When using a common factor score in twin models (Fig. 5b), we found a much larger presence of C for conduct problems (80%) and CU traits (77%) than in the cross-sectional analyses. When we broke down each factor into within-reporter factors (Supplementary Figs. 4b and 5b), we can see that this large estimate of C was driven by parent-reports, for both conduct problems and CU traits. For ADHD symptoms, A accounted for the majority of variance, with minimal influence of D or E. Although significant C estimates in twin analyses did not reliably predict the presence of indirect genetic effects, where indirect genetic effects were detected in polygenic score analyses (i.e. for conduct problems), C was consistently significant in twin analyses.

Discussion

Polygenic scores hold great potential for better understanding the developmental aetiology of psychiatric and behavioural problems, including externalising phenotypes. However, studies that examine associations between polygenic scores and such outcomes should also investigate possible sources of passive gene-environment correlation (rGE). Passive rGE may confound associations between individuals’ direct genetic liability and subsequent behaviour, so before we conclude that polygenic scores represent direct genetic risk, this assumption should be examined. We tested for indirect genetic effects on associations between a polygenic score for externalising (derived from a GWAS of over one million people of European Ancestry [27]; and parent-, teacher- and self-reported measures of conduct problems, ADHD symptoms, and callous-unemotional (CU) traits by using dizygotic twin pairs from a developmental twin cohort. Findings from our main, pre-registered analyses suggested that this externalising polygenic score is a good index of direct genetic influence on conduct and ADHD-related symptoms across development, with minimal bias from rGE. For CU traits, the polygenic score predicted less variance.
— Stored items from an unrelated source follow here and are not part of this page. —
(* The subspace $K[SI[\infty]]$ of $K[\mathcal{T}[\infty]]$ spanned by sorted trees is a graded sub-$2$-associative Hopf algebra of $(K[\mathcal{T}[\infty]],\star,/,\Delta_{\mathrm s})$: it contains the one-node tree, is closed under both products $\star$ and $/$, and $\Delta_{\mathrm s}(K[SI[\infty]])\subseteq K[SI[\infty]]\otimes K[SI[\infty]]$.
   Context: $K$ is a field. A tree is a finite planar rooted tree, degree = number of non-root nodes, $\odot$ the one-node tree. An $n$--tree is a tree of degree $n$ whose non-root nodes are labelled bijectively by $\{1,\dots,n\}$; $\mathcal{T}[\infty]$ is the set of all $n$--trees. An increasing tree is an $n$--tree whose labels strictly increase along every path from the root; a sorted tree is an increasing tree in which, at every node, the labels of its children increase from left to right; $SI[\infty]$ is the set of sorted trees. Nodes $N(t)$ are ordered by depth-first post-order (subtrees left to right recursively, then the node; root maximal); write $u_1<\dots<u_n$ for non-root nodes. For a set $A$ of non-root nodes, $t_A$ is obtained by deleting non-root nodes outside $A$ (children attached in order to the parent in place of the deleted node), labels kept; $t_{[i,j]}=t_{\{u_h,\dots,u_k\}}$ if $i\le j$ and $[i,j]\cap[n]=[h,k]\ne\emptyset$, else $\odot$. Standardization $\mathrm s(t)$ relabels an $\mathbb N$-labelled tree with distinct labels by $1,\dots,|t|$ preserving relative order. $\Delta_{\mathrm s}(t)=\sum_{k=0}^n\mathrm s(t_{[1,k]})\otimes\mathrm s(t_{[k+1,n]})$. $w[m]$ adds $m$ to every label. Dot product $t\cdot w$: identify the roots, root-children of $t$ followed by those of $w$; $t/w=t\cdot w[|t|]$. A partition of $u$ of degree $n\ge1$ is an ordered tuple $(u_{[n_0+1,n_1]},\dots,u_{[n_{k-1}+1,n_k]})$, $0=n_0<\dots<n_k=n$; for $P=(u_1,\dots,u_k)$, $I(P,t)$ is the set of maps $f$ from blocks to $N(t)$ with $f(u_1)<\dots<f(u_k)$; $t\#_{P,f}u$ identifies the root of each $u_i$ with $f(u_i)$, the root-children of $u_i$ becoming children of $f(u_i)$ to the right of its original children, labels kept; $t* u=\sum_{P,f}t\#_{P,f}u$ ($|u|\ge1$), $t*\odot=t$; $t\star w=t* w[|t|]$. *)

From HB Require Import structures.
From mathcomp Require Import all_boot all_order all_algebra.
Set Implicit Arguments. Unset Strict Implicit. Unset Printing Implicit Defensive.
Import GRing.Theory.
Local Open Scope ring_scope.

Inductive lnode := LNode (lab : nat) (ch : seq lnode).
(* A tree = the ordered list of the root's children (the root is unlabelled).
   The one-node tree (odot) is [::]. *)
Definition tree := seq lnode.

Fixpoint enc (t : lnode) : GenTree.tree unit :=
  let: LNode a ch := t in GenTree.Node a (map enc ch).
Fixpoint dec (g : GenTree.tree unit) : lnode :=
  match g with
  | GenTree.Leaf _ => LNode 0 [::]
  | GenTree.Node a gs => LNode a (map dec gs)
  end.
Lemma encK : cancel enc dec.
Proof.
rewrite /cancel; fix IH 1; case=> a ch /=; congr LNode; elim: ch => //= c ch IHch.
by rewrite IH IHch.
Qed.
HB.instance Definition _ := Countable.copy lnode (can_type encK).

Definition lab_of (t : lnode) := let: LNode a _ := t in a.

Fixpoint sz (t : lnode) : nat := let: LNode _ ch := t in (sumn (map sz ch)).+1.
Definition deg (t : tree) : nat := sumn (map sz t).

Fixpoint post (t : lnode) : seq nat :=
  let: LNode a ch := t in flatten (map post ch) ++ [:: a].
Definition postF (t : tree) : seq nat := flatten (map post t).

(* n-tree: labels are a bijection onto {1,...,n} *)
Definition is_ntree (t : tree) : bool := perm_eq (postF t) (iota 1 (deg t)).

Fixpoint sorted_node (lo : nat) (t : lnode) : bool :=
  let: LNode a ch := t in
  [&& (lo < a)%N, sorted ltn (map lab_of ch) & all (sorted_node a) ch].
Definition sorted_tree (t : tree) : bool :=
  [&& is_ntree t, sorted ltn (map lab_of t) & all (sorted_node 0) t].

Fixpoint maplab (g : nat -> nat) (t : lnode) : lnode :=
  let: LNode a ch := t in LNode (g a) (map (maplab g) ch).
Definition maplabF g (t : tree) : tree := map (maplab g) t.
Definition std (t : tree) : tree :=
  maplabF (fun a => count (fun b => (b <= a)%N) (postF t)) t.
Definition shift (m : nat) (w : tree) : tree := maplabF (addn m) w.

(** * Restriction t_A, nodes identified by their post-order position (1-based) *)
Fixpoint restr (P : pred nat) (off : nat) (t : lnode) {struct t} : seq lnode :=
  let: LNode a ch := t in
  let fix go off l := match l with
    | [::] => [::]
    | c :: l' => restr P off c ++ go (off + sz c)%N l'
    end in
  let ch' := go off ch in
  if P (off + sz t)%N then [:: LNode a ch'] else ch'.
Fixpoint restrF_from (P : pred nat) (off : nat) (f : tree) : tree :=
  match f with
  | [::] => [::]
  | c :: f' => restr P off c ++ restrF_from P (off + sz c)%N f'
  end.
Definition restrF (P : pred nat) (t : tree) : tree := restrF_from P 0 t.
(* t_[i,j] (equal to odot when [i,j] meets [n] trivially) *)
Definition sub_int (t : tree) (i j : nat) : tree :=
  restrF (fun p => (i <= p <= j)%N) t.

(** * Grafting: g p is the forest appended as rightmost children of the node
    at post-order position p (the root has position deg t + 1). *)
Fixpoint graft (g : nat -> tree) (off : nat) (t : lnode) {struct t} : lnode :=
  let: LNode a ch := t in
  let fix go off l := match l with
    | [::] => [::]
    | c :: l' => graft g off c :: go (off + sz c)%N l'
    end in
  LNode a (go off ch ++ g (off + sz t)%N).
Fixpoint graftF_from (g : nat -> tree) (off : nat) (f : tree) : tree :=
  match f with
  | [::] => [::]
  | c :: f' => graft g off c :: graftF_from g (off + sz c)%N f'
  end.
Definition graftF (g : nat -> tree) (t : tree) : tree :=
  graftF_from g 0 t ++ g (deg t).+1.

Fixpoint subseqs (s : seq nat) : seq (seq nat) :=
  match s with
  | [::] => [:: [::]]
  | x :: s' => [seq x :: r | r <- subseqs s'] ++ subseqs s'
  end.

(* t # _{P,f} u, the partition given by the cut points [c]
   (0 = n_0 < c_1 < ... < c_{k-1} < n_k = n) and f by the increasing
   positions [r] (of length k) in N(t) = {1, ..., deg t + 1} *)
Definition graft_part (t u : tree) (c r : seq nat) : tree :=
  let n := deg u in
  let highs := rcons c n in
  let lows := 0%N :: c in
  let blocks := [seq restrF (fun p => (lh.1 < p <= lh.2)%N) u | lh <- zip lows highs] in
  let g p := flatten [seq rb.2 | rb <- zip r blocks & rb.1 == p] in
  graftF g t.

(* t * u, as a list of trees (a formal sum with coefficients 1) *)
Definition star0 (t u : tree) : seq tree :=
  if u is [::] then [:: t] else
  flatten [seq [seq graft_part t u c r
               | r <- subseqs (iota 1 (deg t).+1) & size r == (size c).+1]
          | c <- subseqs (iota 1 (deg u).-1)].
Definition starT (t w : tree) : seq tree := star0 t (shift (deg t) w).
Definition overT (t w : tree) : seq tree := [:: t ++ shift (deg t) w].
Definition DeltaT (t : tree) : seq (tree * tree) :=
  [seq (std (sub_int t 1 k), std (sub_int t k.+1 (deg t))) | k <- iota 0 (deg t).+1].

(** * Free vector spaces as formal sums *)
Definition fsum (K : fieldType) (X : Type) := seq (K * X).
Definition coef (K : fieldType) (X : eqType) (v : fsum K X) (x : X) : K :=
  \sum_(p <- v | p.2 == x) p.1.
Definition in_span (K : fieldType) (X : eqType) (P : pred X) (v : fsum K X) :=
  forall x, coef v x != 0 -> P x.
Definition bilin (K : fieldType) (op : tree -> tree -> seq tree)
  (x y : fsum K tree) : fsum K tree :=
  flatten [seq flatten [seq [seq (a.1 * b.1, z) | z <- op a.2 b.2] | b <- y] | a <- x].
(* linear extension of the coproduct into K[T] (x) K[T] = K[T x T] *)
Definition coprod (K : fieldType) (x : fsum K tree) : fsum K (tree * tree) :=
  flatten [seq [seq (a.1, pr) | pr <- DeltaT a.2] | a <- x].

(* Every condition defining a sorted tree is local to a node and its children,
   so each operation is followed on a single sorted tree.  In t / w the root
   children of w[|t|] are appended after those of t and carry larger labels.
   A term of t * w[|t|] grafts, at pairwise distinct nodes of t, the
   restrictions of w[|t|] to consecutive intervals of post-order positions;
   these are sorted forests whose labels all exceed |t|, hence can be appended
   as rightmost children.  For Delta_s, restricting a sorted tree to an
   interval of positions keeps it sorted, and standardization is an increasing
   relabelling.  Finally, a basis element with a nonzero coefficient in a
   bilinear (or linear) extension arises from basis elements with nonzero
   coefficients. *)

From HB Require Import structures.
From mathcomp Require Import all_boot all_order all_algebra zify.
Set Implicit Arguments. Unset Strict Implicit. Unset Printing Implicit Defensive.

Lemma forest_ind (P : tree -> Prop) :
  P [::] -> (forall a ch f, P ch -> P f -> P (LNode a ch :: f)) -> forall f, P f.
Proof.
move=> Pnil Pnode.
have Pcons : forall c f, P f -> P (c :: f).
  fix IH 1 => -[a ch] f Pf; apply: Pnode Pf.
  by elim: ch => // c ch Pch; apply: IH.
by elim=> // c f; apply: Pcons.
Qed.

Lemma deg_node a ch f : deg (LNode a ch :: f) = ((deg ch).+1 + deg f)%N.
Proof. by []. Qed.

Lemma deg_cat f1 f2 : deg (f1 ++ f2) = (deg f1 + deg f2)%N.
Proof. by rewrite /deg map_cat sumn_cat. Qed.

Lemma postF_node a ch f : postF (LNode a ch :: f) = postF ch ++ a :: postF f.
Proof. by rewrite /postF /= -catA. Qed.

Lemma postF_cat f1 f2 : postF (f1 ++ f2) = postF f1 ++ postF f2.
Proof. by rewrite /postF map_cat flatten_cat. Qed.

Lemma postF_flatten (fs : seq tree) : postF (flatten fs) = flatten (map postF fs).
Proof. by elim: fs => //= f fs IH; rewrite postF_cat IH. Qed.

Lemma size_postF f : size (postF f) = deg f.
Proof.
elim/forest_ind: f => // a ch f IHch IHf.
by rewrite postF_node size_cat /= IHch IHf deg_node addSnnS.
Qed.

Lemma postF_eq_nil f : (postF f == [::]) = (f == [::]).
Proof. by case: f => // -[a ch] f; rewrite postF_node; case: (postF ch). Qed.

Lemma lab_in_postF c f : c \in f -> lab_of c \in postF f.
Proof.
move=> cf; apply/flattenP; exists (post c); first exact: map_f.
by case: c {cf} => a ch; rewrite mem_cat mem_seq1 eqxx orbT.
Qed.

Lemma labs_in_postF f : {subset map lab_of f <= postF f}.
Proof. by move=> _ /mapP[c cf ->]; apply: lab_in_postF. Qed.

Lemma restrF_node P off a ch f :
  restrF_from P off (LNode a ch :: f) =
  (if P (off + (deg ch).+1)%N then [:: LNode a (restrF_from P off ch)]
   else restrF_from P off ch) ++ restrF_from P (off + (deg ch).+1) f.
Proof.
rewrite /=; congr (_ ++ _).
match goal with |- context [?go off ch] =>
  have -> // : forall l o, go o l = restrF_from P o l by elim=> //= c l IH o; rewrite IH end.
Qed.

Lemma graftF_node g off a ch f :
  graftF_from g off (LNode a ch :: f) =
  LNode a (graftF_from g off ch ++ g (off + (deg ch).+1)%N)
    :: graftF_from g (off + (deg ch).+1) f.
Proof.
rewrite /=; congr (LNode a (_ ++ _) :: _).
match goal with |- context [?go off ch] =>
  have -> // : forall l o, go o l = graftF_from g o l by elim=> //= c l IH o; rewrite IH end.
Qed.

Definition sorted_forest (lo : nat) (f : tree) : bool :=
  pairwise ltn (map lab_of f) && all (sorted_node lo) f.

Lemma sorted_treeE t : sorted_tree t = is_ntree t && sorted_forest 0 t.
Proof. by rewrite /sorted_tree /sorted_forest sorted_pairwise //; apply: ltn_trans. Qed.

Lemma sorted_forest_node lo a ch f :
  sorted_forest lo (LNode a ch :: f) =
  [&& lo < a, sorted_forest a ch, all (fun c => a < lab_of c) f & sorted_forest lo f].
Proof.
rewrite /sorted_forest /= all_map sorted_pairwise; last exact: ltn_trans.
by case: (lo < a); case: (all _ f); case: (pairwise _ (map _ f)); rewrite /= ?andbF -?andbA.
Qed.

Lemma sorted_forest_cat lo f1 f2 :
  sorted_forest lo (f1 ++ f2) =
  [&& allrel ltn (map lab_of f1) (map lab_of f2), sorted_forest lo f1 & sorted_forest lo f2].
Proof.
rewrite /sorted_forest map_cat pairwise_cat all_cat.
by case: (allrel _ _ _); case: (all _ f1); rewrite /= ?andbF -?andbA.
Qed.

Lemma sorted_forest_postF_gt lo f : sorted_forest lo f -> all (ltn lo) (postF f).
Proof.
elim/forest_ind: f lo => // a ch f IHch IHf lo.
rewrite sorted_forest_node postF_node all_cat /= => /and4P[lo_a sch _ sf].
rewrite lo_a IHf // !andbT; apply/allP => x /(allP (IHch _ sch)); exact: ltn_trans.
Qed.

Lemma sorted_forest_roots_gt lo f : sorted_forest lo f -> all (fun c => lo < lab_of c) f.
Proof.
move=> /sorted_forest_postF_gt /allP gt; apply/allP => c cf.
exact/gt/lab_in_postF.
Qed.

Lemma sorted_forest_rebound lo m f :
  sorted_forest lo f -> all (fun c => m < lab_of c) f -> sorted_forest m f.
Proof.
move=> /andP[pf /allP sf] /allP mf; rewrite /sorted_forest pf; apply/allP => -[a ch] c_in.
by have /= /andP[_ ->] := sf _ c_in; rewrite andbT (mf _ c_in).
Qed.

Lemma sorted_forest_le lo lo' f : lo' <= lo -> sorted_forest lo f -> sorted_forest lo' f.
Proof.
move=> lo'_lo sf; apply: sorted_forest_rebound (sf) _.
by apply: sub_all (sorted_forest_roots_gt sf) => c; apply: leq_ltn_trans lo'_lo.
Qed.

Lemma allrel_labs_lt N f1 f2 : all (fun x => x <= N) (postF f1) -> sorted_forest N f2 ->
  allrel ltn (map lab_of f1) (map lab_of f2).
Proof.
move=> /allP f1_N /sorted_forest_roots_gt /allP f2_N.
apply/allrelP => x y /labs_in_postF /f1_N x_N /mapP[c /f2_N N_c ->].
exact: leq_ltn_trans x_N N_c.
Qed.

Definition select_pos (P : pred nat) (off : nat) (s : seq nat) : seq nat :=
  [seq x.1 | x <- zip s (iota off.+1 (size s)) & P x.2].

Lemma select_pos_cons P off x s :
  select_pos P off (x :: s) = (if P off.+1 then [:: x] else [::]) ++ select_pos P off.+1 s.
Proof. by rewrite /select_pos /=; case: (P _). Qed.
In cross-sectional analyses we found no statistically significant indirect genetic effects on either conduct problems or ADHD-related symptoms at any age or for any reporter, except teacher-reported conduct problems at age 9. This aligns with previous research, which describes minimal attenuation of associations between externalising polygenic scores and externalising phenotypes when controlling for potential passive rGE confounding [27,28,29]. It is possible that the indirect genetic effects found on teacher-reported conduct problems at age 9 is a spurious finding: the TEDS sample at age 9 was half the size of other timepoints, with non-significant direct genetic effects. For parent and child reported conduct problems at age 9, neither direct nor indirect effects appeared significant, suggesting we lacked the power to accurately decompose the signal in the data available at this time point. Overall, in this sample of developing children, the externalising polygenic score served as a good marker of direct genetic influence on conduct problems and ADHD symptoms, seemingly unbiased by indirect genetic effects such as population stratification and genetic nurture.
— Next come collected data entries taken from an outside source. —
Theorem theorem1 (R : idomainType) (v : R -> nat) (hv : is_dvr v)
  (f : {poly R}) (s : nat) :
  (2 <= (size f).-1)%N ->
  f`_0 * lead_coef f != 0 ->
  (s < (size f).-1)%N ->
  (forall i : nat, (i < (size f).-1)%N -> i != s ->
     ext_lt (slope v f i) (slope v f s)) ->
  (let n := (size f).-1 in
   let d := gcdn `|((v f`_s)%:Z - (v (lead_coef f))%:Z)%R|%N (n - s) in
   (if s != 0%N then
      match slope v f s, slope v f 0 with
      | Some ms, Some m0 => (d%:R : rat) = (n * (n - s))%N%:R * (ms - m0)
      | _, _ => False end
    else d = 1%N) ->
   forall f1 f2 : {poly R}, f = f1 * f2 ->
     ((n - s) %/ d %| (size f1).-1)%N \/ ((n - s) %/ d %| (size f2).-1)%N).
Proof.
move=> n_ge2 f0_an s_lt slopes n d hyp_b f1 f2 def_f.
set G : int := (n - s)%N%:Z; set E : int := (v f`_s)%:Z - (v (lead_coef f))%:Z.
have G_gt0 : 0 < G by rewrite ltz_nat subn_gt0.
have fs0 := slope_max_coef_neq0 n_ge2 s_lt slopes.
have f_min : lead_wt_min v G E f := slope_max_lead_wt_min s_lt fs0 slopes.
have gap_le : wt_gap v G E f <= d%:Z := slope_hyp_wt_gap_le s_lt fs0 hyp_b.
have [f10 f20] : f1`_0 != 0 /\ f2`_0 != 0.
  apply/andP; rewrite -negb_or -mulf_eq0 -coef0M -def_f.
  by apply: contraNneq f0_an => ->; rewrite mul0r.
have f12 : f1 * f2 != 0.
  by rewrite -def_f -lead_coef_eq0; apply: contraNneq f0_an => ->; rewrite mulr0.
have f1_min : lead_wt_min v G E f1.
  by apply: (lead_wt_min_mull hv G_gt0 f12); rewrite -def_f.
have f2_min : lead_wt_min v G E f2.
  have f21 : f2 * f1 != 0 by rewrite mulrC.
  by apply: (lead_wt_min_mull hv G_gt0 f21); rewrite mulrC -def_f.
have d_gt0 : (0 < d)%N by rewrite gcdn_gt0 subn_gt0 s_lt orbT.
have [dG dE] : (d%:Z %| G)%Z /\ (d%:Z %| E)%Z by rewrite !dvdzE dvdn_gcdr dvdn_gcdl.
have gap_sum : wt_gap v G E f1 + wt_gap v G E f2 <= d%:Z.
  by rewrite -(wt_gap_mul hv) // -def_f.
have [gap0|gap0] := dvdz_small_sum (d_gt0 : 0 < d%:Z) (dvdz_wt_gap f1 dG dE)
  (dvdz_wt_gap f2 dG dE) (wt_gap_ge0 f1_min f10) (wt_gap_ge0 f2_min f20) gap_sum.
- by left; have := wt_gap_eq0_dvd G_gt0 gap0.
- by right; have := wt_gap_eq0_dvd G_gt0 gap0.
Qed.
The externalising polygenic score provided a much lower prediction of CU symptoms than conduct problems or ADHD symptoms. Given the externalising polygenic score used in this study was derived using phenotypes that were more closely related to conduct problems and ADHD than CU traits, it is perhaps not surprising that the prediction was less strong. Twin data also indicates only moderate overlap between heritability of conduct problems/ADHD symptoms and CU traits [35,36,37]. Therefore, our findings are line with the notion that although CU traits are associated and share genetic risk factors with conduct problems and ADHD symptoms, they are also influenced by genes not shared with these externalising phenotypes [7].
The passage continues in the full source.